EXTRACTED ENTRIES Start Marker

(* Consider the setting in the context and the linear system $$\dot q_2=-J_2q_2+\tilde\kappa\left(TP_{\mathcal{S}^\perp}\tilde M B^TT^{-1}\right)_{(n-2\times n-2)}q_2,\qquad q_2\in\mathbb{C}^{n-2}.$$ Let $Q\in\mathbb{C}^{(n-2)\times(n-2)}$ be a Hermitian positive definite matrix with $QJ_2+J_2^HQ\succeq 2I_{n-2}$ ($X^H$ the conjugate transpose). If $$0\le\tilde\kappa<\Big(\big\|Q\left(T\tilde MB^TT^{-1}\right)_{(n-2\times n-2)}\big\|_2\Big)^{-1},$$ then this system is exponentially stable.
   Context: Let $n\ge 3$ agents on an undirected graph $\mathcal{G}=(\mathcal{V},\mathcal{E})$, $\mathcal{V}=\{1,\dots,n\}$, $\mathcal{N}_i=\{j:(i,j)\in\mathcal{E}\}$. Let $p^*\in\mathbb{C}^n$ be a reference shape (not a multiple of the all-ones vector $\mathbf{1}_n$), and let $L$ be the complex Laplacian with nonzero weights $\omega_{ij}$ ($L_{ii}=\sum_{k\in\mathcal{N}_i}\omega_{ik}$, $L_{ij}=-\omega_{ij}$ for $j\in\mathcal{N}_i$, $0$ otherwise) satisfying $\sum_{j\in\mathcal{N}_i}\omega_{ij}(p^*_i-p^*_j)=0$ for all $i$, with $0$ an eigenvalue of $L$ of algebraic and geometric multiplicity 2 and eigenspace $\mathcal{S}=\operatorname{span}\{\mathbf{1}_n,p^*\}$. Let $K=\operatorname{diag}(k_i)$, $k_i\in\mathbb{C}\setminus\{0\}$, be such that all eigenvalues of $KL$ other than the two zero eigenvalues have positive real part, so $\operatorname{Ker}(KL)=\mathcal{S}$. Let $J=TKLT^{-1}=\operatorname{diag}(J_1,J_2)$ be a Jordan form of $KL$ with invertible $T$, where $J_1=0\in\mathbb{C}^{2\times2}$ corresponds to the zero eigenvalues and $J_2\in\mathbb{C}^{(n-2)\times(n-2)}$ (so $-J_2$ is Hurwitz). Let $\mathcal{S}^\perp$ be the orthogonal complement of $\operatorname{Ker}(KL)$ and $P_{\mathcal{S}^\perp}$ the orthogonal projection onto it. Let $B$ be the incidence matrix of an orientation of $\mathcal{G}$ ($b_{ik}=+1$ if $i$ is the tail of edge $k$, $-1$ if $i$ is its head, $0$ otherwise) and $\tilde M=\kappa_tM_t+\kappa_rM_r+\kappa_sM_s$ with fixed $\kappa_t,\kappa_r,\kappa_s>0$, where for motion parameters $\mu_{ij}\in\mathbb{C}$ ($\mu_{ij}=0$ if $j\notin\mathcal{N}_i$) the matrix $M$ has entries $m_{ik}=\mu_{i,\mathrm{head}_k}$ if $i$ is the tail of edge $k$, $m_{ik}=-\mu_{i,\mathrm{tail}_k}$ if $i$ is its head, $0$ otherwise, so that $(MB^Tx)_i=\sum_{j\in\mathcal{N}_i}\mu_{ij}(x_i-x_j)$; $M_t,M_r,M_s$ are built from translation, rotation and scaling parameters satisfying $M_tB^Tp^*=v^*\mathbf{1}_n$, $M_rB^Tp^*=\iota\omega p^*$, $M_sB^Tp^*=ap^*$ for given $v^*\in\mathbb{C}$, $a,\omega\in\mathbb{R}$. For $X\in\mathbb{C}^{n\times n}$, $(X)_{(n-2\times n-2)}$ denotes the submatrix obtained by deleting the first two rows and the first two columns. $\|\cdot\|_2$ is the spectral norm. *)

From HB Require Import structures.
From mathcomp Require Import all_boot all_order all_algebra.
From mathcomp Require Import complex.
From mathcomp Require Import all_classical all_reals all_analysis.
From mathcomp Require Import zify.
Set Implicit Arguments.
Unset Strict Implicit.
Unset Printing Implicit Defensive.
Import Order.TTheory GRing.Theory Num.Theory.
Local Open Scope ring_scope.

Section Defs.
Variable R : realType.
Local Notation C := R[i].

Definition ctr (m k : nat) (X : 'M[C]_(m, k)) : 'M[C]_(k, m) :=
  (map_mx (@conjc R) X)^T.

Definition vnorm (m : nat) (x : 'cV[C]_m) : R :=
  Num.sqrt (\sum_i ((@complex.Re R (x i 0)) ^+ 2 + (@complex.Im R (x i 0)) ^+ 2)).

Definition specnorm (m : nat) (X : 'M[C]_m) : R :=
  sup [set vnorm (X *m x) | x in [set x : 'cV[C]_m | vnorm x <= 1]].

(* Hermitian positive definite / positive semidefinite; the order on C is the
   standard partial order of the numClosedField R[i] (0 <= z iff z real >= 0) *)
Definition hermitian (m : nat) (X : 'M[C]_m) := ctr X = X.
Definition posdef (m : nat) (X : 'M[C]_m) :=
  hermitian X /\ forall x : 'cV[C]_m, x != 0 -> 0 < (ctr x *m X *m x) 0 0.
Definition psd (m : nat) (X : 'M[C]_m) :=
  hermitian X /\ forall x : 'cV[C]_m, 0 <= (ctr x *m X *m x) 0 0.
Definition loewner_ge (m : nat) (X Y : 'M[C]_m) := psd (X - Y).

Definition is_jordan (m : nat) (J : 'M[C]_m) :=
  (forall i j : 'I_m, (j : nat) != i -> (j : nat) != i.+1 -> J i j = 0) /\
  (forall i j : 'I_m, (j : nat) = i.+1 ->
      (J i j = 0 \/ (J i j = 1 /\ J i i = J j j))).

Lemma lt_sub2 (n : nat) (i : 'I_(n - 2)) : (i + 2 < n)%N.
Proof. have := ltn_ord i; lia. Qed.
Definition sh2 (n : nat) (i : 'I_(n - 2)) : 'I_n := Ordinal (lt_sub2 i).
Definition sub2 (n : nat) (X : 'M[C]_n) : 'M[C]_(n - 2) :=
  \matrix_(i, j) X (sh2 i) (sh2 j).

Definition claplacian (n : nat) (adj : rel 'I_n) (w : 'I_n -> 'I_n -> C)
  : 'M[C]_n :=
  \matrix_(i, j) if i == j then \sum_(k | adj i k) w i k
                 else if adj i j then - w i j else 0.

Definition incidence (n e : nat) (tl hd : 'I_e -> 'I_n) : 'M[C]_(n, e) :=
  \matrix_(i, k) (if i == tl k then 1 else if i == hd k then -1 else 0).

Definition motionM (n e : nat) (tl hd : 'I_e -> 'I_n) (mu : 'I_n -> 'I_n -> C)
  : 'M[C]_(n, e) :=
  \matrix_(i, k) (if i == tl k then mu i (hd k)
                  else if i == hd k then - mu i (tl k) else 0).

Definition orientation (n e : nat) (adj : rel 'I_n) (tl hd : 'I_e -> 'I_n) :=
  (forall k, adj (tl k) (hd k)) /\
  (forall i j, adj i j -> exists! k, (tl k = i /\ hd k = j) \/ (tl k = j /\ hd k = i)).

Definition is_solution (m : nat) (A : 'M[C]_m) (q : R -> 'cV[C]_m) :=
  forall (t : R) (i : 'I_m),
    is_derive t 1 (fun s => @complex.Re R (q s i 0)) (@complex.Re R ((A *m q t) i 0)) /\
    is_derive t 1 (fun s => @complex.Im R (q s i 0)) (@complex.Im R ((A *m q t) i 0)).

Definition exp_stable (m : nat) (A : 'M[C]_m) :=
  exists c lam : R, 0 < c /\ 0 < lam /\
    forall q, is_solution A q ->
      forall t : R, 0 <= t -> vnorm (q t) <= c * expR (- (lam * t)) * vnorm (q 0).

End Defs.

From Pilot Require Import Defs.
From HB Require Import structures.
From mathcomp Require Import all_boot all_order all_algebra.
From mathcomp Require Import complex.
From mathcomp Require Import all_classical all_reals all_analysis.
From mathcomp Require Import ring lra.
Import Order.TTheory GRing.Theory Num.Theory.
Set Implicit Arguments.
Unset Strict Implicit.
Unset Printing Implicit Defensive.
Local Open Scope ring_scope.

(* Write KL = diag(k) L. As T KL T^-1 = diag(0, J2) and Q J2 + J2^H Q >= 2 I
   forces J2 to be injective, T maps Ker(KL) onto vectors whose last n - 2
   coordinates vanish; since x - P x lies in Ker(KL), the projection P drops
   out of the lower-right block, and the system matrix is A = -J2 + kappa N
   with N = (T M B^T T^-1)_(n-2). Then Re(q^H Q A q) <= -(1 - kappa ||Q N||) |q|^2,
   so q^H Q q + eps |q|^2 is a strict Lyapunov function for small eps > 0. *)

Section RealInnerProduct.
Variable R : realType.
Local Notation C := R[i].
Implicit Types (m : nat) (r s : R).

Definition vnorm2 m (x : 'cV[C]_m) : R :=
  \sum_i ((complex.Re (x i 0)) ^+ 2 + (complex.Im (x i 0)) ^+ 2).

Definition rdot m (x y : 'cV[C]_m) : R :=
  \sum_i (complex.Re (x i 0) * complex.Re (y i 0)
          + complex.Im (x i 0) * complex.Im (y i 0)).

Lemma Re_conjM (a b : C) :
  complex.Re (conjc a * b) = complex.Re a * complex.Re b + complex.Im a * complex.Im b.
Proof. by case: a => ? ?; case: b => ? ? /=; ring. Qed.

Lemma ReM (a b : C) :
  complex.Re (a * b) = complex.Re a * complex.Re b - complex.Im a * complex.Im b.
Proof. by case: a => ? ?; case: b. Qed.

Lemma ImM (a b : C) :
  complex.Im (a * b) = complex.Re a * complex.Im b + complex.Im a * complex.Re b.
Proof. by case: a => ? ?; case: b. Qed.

EXTRACTED ENTRIES End Marker

_TASK DIRECTIONS_. Return exactly the lines in the records above, beginning with the one that holds "Lemma ReM (a" and ending with the last.

_ANSWER TO THE PROBLEM_.
Lemma ReM (a b : C) :
  complex.Re (a * b) = complex.Re a * complex.Re b - complex.Im a * complex.Im b.
Proof. by case: a => ? ?; case: b. Qed.

Lemma ImM (a b : C) :
  complex.Im (a * b) = complex.Re a * complex.Im b + complex.Im a * complex.Re b.
Proof. by case: a => ? ?; case: b. Qed.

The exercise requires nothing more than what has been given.